Когда Талику исполнилось полтора года, мама стала носить его в ясли. Но брат оказался хилым ребенком, за год посещения садика он семь раз болел воспалением легких, и мама лежала с ним в больнице. Хорошо, что в то время в Вертиевке было все свое: и больница, и поликлиника, и роддом. Сейчас, с развитием демократии, нет ничего, в бывшей больнице осталась только машина скорой помощи с одним водителем, без врачей, да и ту нужно заправлять своим бензином, чтобы тебя отвезли в больницу в Нежин. Дальше носить Талика в садик было опасно, и его начали оставлять на попечении двоюродной бабки Ганны. Мама рассказывала Алле, что кушать там Талик отказывался, ел только печенье, которое мама клала ему в карман. Он нигде не бегал и не играл. Как мама утром сажала его на лавку в доме бабы Ганны, так он и сидел до обеда, когда мама возвращалась из школы и его забирала.

Примерно в этот период я впервые попал в Нежин. Ехали на базар на телеге, запряженной лошадью, с дедом Митрофаном и отцом. Выехали затемно, было довольно прохладно, и меня накрывали тулупом, чтобы не замерз. Утром уже были на базаре. Не помню, чем торговали, но большой бублик мне отец купил.

Родная моя бабушка Татьяна умерла рано, но были еще две двоюродные: Ганна и Домаха. Бабушка Домаха жила одна, далеко, аж возле железнодорожной станции, и к нам практически не приходила. Ее муж и старший сын не вернулись с войны. Младший, Коля, ездил на работу в Нежин в рваных сапогах, осенью промочил ноги, заболел и умер. Дочь Галя жила в Чернигове.

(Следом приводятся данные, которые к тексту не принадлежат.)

Lemma finite_pspan (e : nat) (m : {poly int}) : (0 < e)%N -> t *+ e = 0 ->
  m \is monic -> pact phi m t = 0 -> finite_pred (pspan phi t).
Proof.
move=> e_gt0 te0 m_monic mt0; set N := size m.
exists [seq \sum_(i < N) iter i phi t *+ F i
          | F : {ffun 'I_N -> 'I_e} <- enum {ffun 'I_N -> 'I_e}].
move=> _ [r ->].
have -> : pact phi r t = pact phi (r %% m) t.
  by rewrite {1}(Pdiv.IdomainMonic.divp_eq m_monic r) pactD pactM mt0 raddf0 add0r.
have le_mod : (size (r %% m)%R <= N)%N by rewrite ltnW // ltn_modp monic_neq0.
rewrite (pact_widen _ _ le_mod); set r' := r %% m.
have e_neq0 : e%:Z != 0 by rewrite eqz_nat -lt0n.
have lt_mod i : (`|(r'`_i %% e%:Z)%Z|%N < e)%N.
  by rewrite -ltz_nat gez0_abs ?modz_ge0 // ltz_pmod // ltz_nat.
apply/mapP; exists [ffun i : 'I_N => Ordinal (lt_mod i)]; first by rewrite mem_enum.
apply: eq_bigr => i _; rewrite ffunE /=.
have ti : iter i phi t *~ e = 0 by rewrite -raddfMz -pmulrn te0 raddf0.
rewrite {1}(divz_eq r'`_i e) mulrzDr mulrzA mulrzAC ti mul0rz add0r.
by rewrite pmulrn gez0_abs ?modz_ge0.
Qed.

End MonicAnnihilator.

Theorem lemma4p3 (A : zmodType) (a : A) (phi : {additive A -> A}) :
  inertial phi \/ left_inertial phi -> finite_pred (torsion_part (Zphi phi a)).
Proof.
move=> inert.
have [t [e [e_gt0 [te0 torsion_sub]]]] := torsion_Zphi_sub_pspan phi a.
have [R [Rt0 R1]] : exists R, pact phi R t = 0 /\ exists i, R`_i = 1.
  by case: inert => inert; [exact: inertial_relation | exact: left_inertial_relation].
have [m [q [m_monic mq]]] := monic_relation_mod Rt0 R1 e_gt0.
have mt0 : pact phi m t = 0 by rewrite mq -raddfMn te0 raddf0.
have [s s_cover] := finite_pspan e_gt0 te0 m_monic mt0.
by exists s => z /torsion_sub/s_cover.
Qed.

Позже, когда повзрослел, ездил к бабушке я, возил молоко и другие продукты, которые передавала мама.

Бабушка Ганна жила недалеко от нас, вместе с невесткой Варварой и внучкой Верой. Муж ее к тому времени уже покоился на кладбище, старший сын, отец Веры, погиб на фронте, а младший Иван жил в Ичне, где работал лесничим. Бабушка к нам иногда заходила, и ее угощали селедкой. Говорили, что за селедкой она на край села в гости пойдет. Пару раз я с бабушкой Ганной ходил в церковь. Первый раз были на обычной службе. Кроме красивых икон ничего интересного я там не увидел. А второй раз были на пасху на всенощной. Какая красота, какая торжественность. Я простоял в церкви как завороженный целые полчаса. Потом все наскучило, и мы с другими мальчишками играли во дворе церкви в прятки. Ночью это очень интересно. Мальчишки учили меня как заработать в церкви на кино. Когда церковный староста будет обходить людей с подносом для пожертвований, нужно положить на поднос 5 копеек, а сдачи взять 15 копеек. Поучаствовав таким образом в благотворительности несколько раз, можно набрать нужную сумму на кино. Но я не стал этого делать, это как-то стыдно. Потом начался крестный ход, очень красивое зрелище. Мы с бабушкой тоже прошли со всеми вокруг церкви. Уже под утро народ выстроился вокруг церкви со своими корзинками с зажженными в них свечами, и священник все это освятил. Это было очень красиво. Стоило не поспать ночь чтобы увидеть всю эту красоту.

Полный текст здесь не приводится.